CHAMPAIGN, Ill. -- The proposed use of Web or video cameras to monitor the care of residents in nursing homes has kicked up a storm.
Proponents of the cameras, dubbed "granny cams," say their use in nursing homes could weed out abusive employees and document incidents of substandard care, while nursing-home owners term video surveillance an invasion of privacy that could actually decrease care by making it more difficult to attract and retain good staff.
The controversy has its roots not only in the march of technology, but also in the surge of Americans who are entering nursing homes.
About half of Americans currently 65 or older will be admitted to a nursing home at least once, writes Selket Nicole Cottle in an article in the Elder Law Journal, which is published by the University of Illinois College of Law.
This tide is only expected to rise as baby boomers approach their golden years.
At the same time, about 30 percent of the nation's 17,000 nursing homes have been sanctioned for deficiencies that put their residents at risk of harm. About one in 20 nursing home residents suffer from abuse, according to the Florida Agency of Health Care Administration, and this figure appears to understate the problem because many instances of physical and sexual abuse go unreported.
Although no law expressly prohibits the use of cameras in nursing homes, there are various practical barriers to their widespread use, including the strong opposition of the nursing-home industry.
About a dozen state legislatures have granny-cam legislation under consideration. Earlier this year, New Mexico joined Texas in allowing nursing home residents or their representatives to install monitoring cameras in their rooms.
Under the laws, a resident must let nursing-home operators know ahead of time of the placement of the camera. If the operator is not notified or if the equipment is not open and obvious in the room, the camera is considered covert surveillance and illegal.
Use of such cameras is a positive step in reducing the potential for elderly abuse, Cottle, an editor at the journal, concluded. In particular, Web cameras hold the greatest potential for restoring public confidence in nursing homes by giving family members access to "real time" or to recently stored footage.

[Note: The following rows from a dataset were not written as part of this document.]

(* Let $0<A_0<A_1$, $0<\sigma<1$ and let $p\ge2$ be an integer. Then the set of $b\in[0,1]$ for which there are infinitely many pairs of integers $0<m<n$ satisfying $$A_0<\frac{b^{p^m}}{\sigma^{n-m}}<A_1$$ is a dense $G_\delta$ subset of $[0,1]$ of full Lebesgue measure. *)

From Stdlib Require Import Reals Lra List.
Open Scope R_scope.

Definition unit_interval (x : R) : Prop := 0 <= x <= 1.

Definition dense_in_unit (S : R -> Prop) : Prop :=
  forall x eps, unit_interval x -> 0 < eps ->
    exists y, unit_interval y /\ S y /\ Rabs (y - x) < eps.

Definition G_delta_in_unit (S : R -> Prop) : Prop :=
  exists U : nat -> R -> Prop,
    (forall k, open_set (U k)) /\
    (forall x, unit_interval x -> (S x <-> forall k, U k x)).

Definition lebesgue_null (N : R -> Prop) : Prop :=
  forall eps, 0 < eps ->
    exists a b : nat -> R,
      (forall k, a k <= b k) /\
      (forall x, N x -> exists k, a k < x < b k) /\
      (forall K, sum_f_R0 (fun k => b k - a k) K <= eps).

Definition full_measure_in_unit (S : R -> Prop) : Prop :=
  lebesgue_null (fun x => unit_interval x /\ ~ S x).

Definition good_pair (A0 A1 sigma : R) (p : nat) (b : R) (m n : nat) : Prop :=
  (0 < m)%nat /\ (m < n)%nat /\
  A0 < b ^ (p ^ m) / sigma ^ (n - m) < A1.

Definition inf_many_good_pairs (A0 A1 sigma : R) (p : nat) (b : R) : Prop :=
  ~ exists l : list (nat * nat),
      forall m n, good_pair A0 A1 sigma p b m n -> In (m, n) l.

(* Write b = sigma^z with z >= 0, so that b^(p^m) / sigma^(n-m) is
   sigma^(p^m z - (n - m)).  The condition A0 < ... < A1 asks that p^m z lie in a
   fixed open window modulo the integers, and for P = p^s large there is a digit
   c such that this holds, with n - m the integer part of p^m z plus a constant,
   as soon as the first base-P digit after the point of p^m z is c.  So sigma^z
   is good when this digit shows up for infinitely many m.

   The z whose base-P expansion ends in ccc... are dense, and they give good
   points.  If sigma^z is bad, then from some M on the base-P digits of p^M z
   avoid c; for a fixed integer part such numbers are covered by (P - 1)^K
   intervals of length 2 / P^K, so the bad points form countably many null sets,
   z |-> sigma^z being Lipschitz on [0, +oo).  Finally, for each k, having a good
   pair with n >= k is an open condition, whence the G_delta property. *)

From Stdlib Require Import Reals Lra Lia List ZArith Cantor Classical ClassicalEpsilon.
Open Scope R_scope.

Definition cover_len (l : list (R * R)) : R :=
  fold_right (fun iv s => snd iv - fst iv + s) 0 l.

Definition covers (l : list (R * R)) (x : R) : Prop :=
  exists iv, In iv l /\ fst iv < x < snd iv.

Definition jordan_null (N : R -> Prop) : Prop :=
  forall eps, 0 < eps -> exists l : list (R * R),
    Forall (fun iv => fst iv <= snd iv) l /\
    (forall x, N x -> covers l x) /\ cover_len l <= eps.

Lemma cover_len_app l1 l2 : cover_len (l1 ++ l2) = cover_len l1 + cover_len l2.
Proof. unfold cover_len; induction l1 as [|iv l1 IH]; cbn; lra. Qed.

Lemma cover_len_nonneg l : Forall (fun iv => fst iv <= snd iv) l -> 0 <= cover_len l.
Proof. unfold cover_len; induction 1; cbn; lra. Qed.

Lemma sum_nth_le_cover_len l K :
  Forall (fun iv => fst iv <= snd iv) l ->
  sum_f_R0 (fun k => snd (nth k l (0, 0)) - fst (nth k l (0, 0))) K <= cover_len l.
Proof.
  intros Hl; revert K; induction Hl as [|iv l Hiv Hl IH]; intros K.
  - rewrite (sum_eq _ (fun _ => 0)), sum_cte; cbn; [lra|].
    intros [|k] _; cbn; lra.
  - pose proof (cover_len_nonneg l Hl).
    change (cover_len (iv :: l)) with (snd iv - fst iv + cover_len l).
    destruct K as [|K]; [cbn; lra|].
    rewrite decomp_sum by lia; cbn [nth Nat.pred].
    specialize (IH K); lra.
Qed.

Lemma sum_half_powers (eps : R) K :
  0 < eps -> sum_f_R0 (fun j => eps / 2 ^ S j) K <= eps.
Proof.
  intros Heps.
  enough (sum_f_R0 (fun j => eps / 2 ^ S j) K = eps - eps / 2 ^ S K)
    by (assert (0 < eps / 2 ^ S K) by (apply Rdiv_lt_0_compat, pow_lt; lra); lra).
  induction K as [|K IH]; cbn [sum_f_R0]; [cbn; field|].
  rewrite IH; cbn [pow]; field; apply pow_nonzero; lra.
Qed.

(* The covers of the pieces, each preceded by the empty interval [(0, 0)] so
   that the first [n] pieces contribute at least [n] intervals. *)
Fixpoint concat_covers (cov : nat -> list (R * R)) (n : nat) : list (R * R) :=
  match n with
  | O => nil
  | S n => concat_covers cov n ++ (0, 0) :: cov n
  end.

Section ConcatCovers.
Variable cov : nat -> list (R * R).

Lemma concat_covers_length n : (n <= length (concat_covers cov n))%nat.
Proof. induction n as [|n IH]; cbn; rewrite ?length_app; cbn; lia. Qed.

Lemma concat_covers_prefix n n' : (n <= n')%nat ->
  exists tail, concat_covers cov n' = concat_covers cov n ++ tail.
Proof.
  induction 1 as [|n' _ [tail IH]]; [exists nil; now rewrite app_nil_r|].
  exists (tail ++ (0, 0) :: cov n'); cbn; now rewrite IH, app_assoc.
Qed.

Lemma nth_concat_covers_stable k n n' :
  (k < length (concat_covers cov n))%nat -> (n <= n')%nat ->
  nth k (concat_covers cov n') (0, 0) = nth k (concat_covers cov n) (0, 0).
Proof.
  intros Hk Hn; destruct (concat_covers_prefix n n' Hn) as [tail ->].
  now apply app_nth1.
Qed.

Lemma cover_len_concat_covers n :
  cover_len (concat_covers cov (S n)) = sum_f_R0 (fun j => cover_len (cov j)) n.
Proof.
  induction n as [|n IH]; [unfold cover_len; cbn; lra|].
  rewrite tech5, <- IH.
  change (concat_covers cov (S (S n)))
    with (concat_covers cov (S n) ++ (0, 0) :: cov (S n)).
  rewrite cover_len_app.
  change (cover_len ((0, 0) :: cov (S n))) with (0 - 0 + cover_len (cov (S n))).
  lra.
Qed.
End ConcatCovers.

(* Take covers of total lengths [eps / 2^(j+1)] of the pieces and enumerate
   their intervals one after the other. *)
Lemma lebesgue_null_countable_union (Ns : nat -> R -> Prop) (N : R -> Prop) :
  (forall j, jordan_null (Ns j)) -> (forall x, N x -> exists j, Ns j x) ->
  lebesgue_null N.
Proof.
  intros Hnull HN eps Heps.
  destruct (choice (fun j l => Forall (fun I => fst I <= snd I) l /\
      (forall x, Ns j x -> covers l x) /\ cover_len l <= eps / 2 ^ S j)) as [cov Hcov].
  { intros j; apply Hnull, Rdiv_lt_0_compat, pow_lt; lra. }
  set (interval k := nth k (concat_covers cov (S k)) (0, 0)).
  assert (Hinterval : forall k n, (k < n)%nat ->
      interval k = nth k (concat_covers cov n) (0, 0)).
  { intros k n Hkn; unfold interval.
    symmetry; apply nth_concat_covers_stable; [|lia].
    pose proof (concat_covers_length cov (S k)); lia. }
  assert (Hord : forall n, Forall (fun I => fst I <= snd I) (concat_covers cov n)).
  { induction n as [|n IH]; cbn; [constructor|].
    apply Forall_app; split; [exact IH|constructor; [cbn; lra|apply Hcov]]. }
  exists (fun k => fst (interval k)), (fun k => snd (interval k)); split; [|split].
  - intros k; unfold interval.
    destruct (nth_in_or_default k (concat_covers cov (S k)) (0, 0)) as [Hin| ->];
      [exact (proj1 (Forall_forall _ _) (Hord (S k)) _ Hin)|cbn; lra].
  - intros x Hx; destruct (HN x Hx) as [j Hj].
    destruct (proj1 (proj2 (Hcov j)) x Hj) as [I [HI HxI]].
    destruct (In_nth _ _ (0, 0) HI) as [r [Hr HrI]].
    set (k := (length (concat_covers cov j) + S r)%nat).
    assert (Hk : (k < length (concat_covers cov (S j)))%nat)
      by (cbn; rewrite length_app; cbn; lia).
    exists k; rewrite (Hinterval k (S (k + j))), (nth_concat_covers_stable cov k (S j))
      by lia.
    cbn; rewrite app_nth2 by lia.
    replace (k - length (concat_covers cov j))%nat with (S r) by lia.
    cbn; now rewrite HrI.
  - intros K.
    rewrite (sum_eq _ (fun k => snd (nth k (concat_covers cov (S K)) (0, 0))
                                 - fst (nth k (concat_covers cov (S K)) (0, 0))))
      by (intros k Hk; now rewrite (Hinterval k (S K)) by lia).
    eapply Rle_trans; [apply sum_nth_le_cover_len, Hord|].
    rewrite cover_len_concat_covers.
    eapply Rle_trans; [apply sum_Rle; intros j _; apply Hcov|].
    now apply sum_half_powers.
Qed.

Lemma jordan_null_singleton (x0 : R) : jordan_null (fun x => x = x0).
Proof.
  intros eps Heps; exists ((x0 - eps / 2, x0 + eps / 2) :: nil).
  split; [|split].
  - constructor; [cbn; lra|constructor].
  - intros x ->; exists (x0 - eps / 2, x0 + eps / 2); split; [now left|cbn; lra].
  - unfold cover_len; cbn; lra.
Qed.
Lemma relabel_in l : relabel l \in supp_pair (l %/ 2).
Proof. by rewrite -mem_enum mem_nth // card_supp_pair ?half_lt // ltn_pmod. Qed.

Lemma relabel_inj : injective relabel.
Proof.
move=> l l' eq_ll'.
have eq_div : (l %/ 2 = l' %/ 2)%N.
  by apply: (mem_supp_pair_eq (half_lt l) (half_lt l') (relabel_in l)); rewrite eq_ll' relabel_in.
have eq_mod : (l %% 2 = l' %% 2)%N.
  move: eq_ll'; rewrite /relabel eq_div (set_nth_default l') ?card_supp_pair ?half_lt ?ltn_pmod //.
  move/eqP; rewrite nth_uniq ?enum_uniq ?card_supp_pair ?half_lt ?ltn_pmod //.
  by move/eqP.
by apply: val_inj; rewrite /= (divn_eq l 2) (divn_eq l' 2) eq_div eq_mod.
Qed.

Definition relabel_perm : 'S_(2 * n) := perm relabel_inj.

Definition rescale : 'rV[F]_(2 * n) := \row_l (pair_word (l %/ 2) 0 (relabel l))^-1.

Local Notation monomial := (diag_mx rescale *m perm_mx relabel_perm).

Lemma monomial_entry (v : 'rV[F]_(2 * n)) l :
  ((monomial *m v^T)^T) 0 l = rescale 0 l * v 0 (relabel l).
Proof. by rewrite mxE -mulmxA -row_permE mul_diag_mx !mxE permE. Qed.

Lemma monomial_pair_word (k : 'I_n) :
  (monomial *m (pair_word k)^T)^T = row k (rep_gen F n).
Proof.
apply/rowP => l; rewrite monomial_entry !mxE.
have [eq_lk|neq_lk] := eqVneq (l %/ 2)%N (k : nat).
  by rewrite eq_lk mulVf //= pair_word_nz // -eq_lk relabel_in.
rewrite (_ : pair_word k 0 (relabel l) = 0) ?mulr0 //; apply/eqP.
rewrite pair_word_eq0 //; apply: contra neq_lk => lk.
by apply/eqP; apply: mem_supp_pair_eq (half_lt l) _ (relabel_in l) lk.
Qed.

Lemma free_pair_words : free [tuple pair_word k | k < n].
Proof.
apply/freeP => a comb0 i.
have /card_gt0P[l li] : (0 < #|supp_pair i|)%N by rewrite card_wt2_supp ?supp_pair_wt2.
have := congr1 (fun v : 'rV[F]_(2 * n) => v 0 l) comb0.
rewrite /= summxE (bigD1 i) //= big1 ?addr0 => [|j ji].
  rewrite !mxE nth_mktuple => /eqP; rewrite mulf_eq0 pair_word_eq0 // li orbF.
  by move/eqP.
rewrite !mxE nth_mktuple (_ : pair_word j 0 l = 0) ?mulr0 //; apply/eqP.
rewrite pair_word_eq0 //; apply: contra ji => lj; apply/eqP/val_inj.
exact: mem_supp_pair_eq (ltn_ord j) (ltn_ord i) lj li.
Qed.

Lemma span_pair_words : <<[tuple pair_word k | k < n]>>%VS = C.
Proof.
apply/eqP; rewrite eqEdim; apply/andP; split.
  by apply/span_subvP => v /mapP [k _ ->]; case: (pair_word_spec (ltn_ord k)).
by rewrite dimC (eqP free_pair_words) size_tuple.
Qed.

Lemma wt2_monomially_equivalent : monomially_equivalent C (rep_sum F n).
Proof.
exists (diag_mx rescale), relabel_perm; split; first exact: diag_mx_is_diag.
split.
  rewrite unitmxE det_diag unitfE; apply/prodf_neq0 => l _.
  by rewrite mxE invr_eq0 pair_word_nz ?half_lt // relabel_in.
pose f := linfun (@mulmxr F 1 _ _ monomial^T).
have fE v : f v = (monomial *m v^T)^T by rewrite lfunE /= [RHS]trmx_mul trmxK.
have img_C : rep_sum F n = (f @: C)%VS.
  rewrite -span_pair_words limg_span /rep_sum; congr (span _).
  rewrite /mktuple /= -map_comp; apply: eq_map => k /=.
  by rewrite fE monomial_pair_word.
move=> v; rewrite img_C; split.
  by case/memv_imgP => c cC ->; exists c; rewrite ?fE.
by case=> c cC ->; apply/memv_imgP; exists c; rewrite ?fE.
Qed.

End WeightTwoWords.

Lemma monomially_equivalent_len0 (F : finFieldType) (C C' : code F 0) :
  monomially_equivalent C C'.
Proof.
have rV0_eq (u v : 'rV[F]_0) : u = v by apply/rowP => -[].
exists 1%:M, 1%g; split; first exact: scalar_mx_is_diag.
split=> [|v]; first by rewrite unitmx1.
by split=> _; [exists 0; rewrite ?mem0v | rewrite (rV0_eq v 0) mem0v].
Qed.

Unset Implicit Arguments.
Theorem corollary3p7 (F : finFieldType) (n : nat) (C : code F (2 * n)) :
  (4 < #|F|)%N ->
  formally_self_dual C ->
  divisible C ->
  monomially_equivalent C (rep_sum F n).
Proof.
move=> q_gt4 C_fsd [D [D_gt1 D_wt]].
have [D2|D_neq2] := eqVneq D 2%N.
  rewrite D2 in D_wt; have [dimC card_wt2] := even_fsd_dim_card q_gt4 C_fsd D_wt.
  exact: wt2_monomially_equivalent (ltnW (ltnW q_gt4)) D_wt dimC card_wt2.
have D_ge3 : (3 <= D)%N by rewrite ltn_neqAle eq_sym D_neq2 D_gt1.
have /eqP := divisible_ge3_len0 q_gt4 C_fsd D_ge3 D_wt.
rewrite muln_eq0 /= => /eqP n0; subst n.
exact: monomially_equivalent_len0.
Qed.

Commercial outlets now sell Web-camera systems to the elderly at prices from $629 to $1,584, depending on the specifications of each camera, plus a $20 monthly fee to access the server and $10 a month for a data-only line to upload images.
"Certainly some families have the financial means to provide this quality of technological protection, however the majority of Americans do not," Cottle wrote. To be effective and properly regulated, granny-cam technology should therefore be mandated for all nursing facilities.
"Mandating the use of granny cameras in nursing homes will ensure that all nursing home residents are equally protected," she wrote.
While not trifling, the cost of installing equipment in a nursing home is on par with the cost of updating recreation, housekeeping or food services. And some of the cost would be defrayed by lower liability insurance premiums, according to Cottle.
What's more, surveillance equipment has advantages for operators by reducing unwarranted or frivolous litigation and minimizing their legal responsibility in cases of resident-on-resident abuse.
Cameras also could monitor many of the basics of resident care, such as drug administration and diaper changing. By linking the camera feed to the Internet, nursing homes could handle routine assignments more efficiently.
But because of understandable concerns over privacy, Cottle advocates placing the surveillance systems in the hands of independent companies, which would then monitor the equipment and be responsible for making the data available online.
"In this way, families can check on their loved ones and nursing homes can check on their residents, and everyone will sleep a little better at night knowing that the independent source is regulating and reviewing the tapes should any problems arise," Cottle wrote.
"This service, like the cost of the cameras or of the tapes, is an added institutional cost that the nursing home will incur. Nevertheless, it is likely the best option to preserve the integrity of the tapes and ensure that only families and authorized officials gain access to them."
Cottle's article is titled "Video Surveillance in Nursing Homes."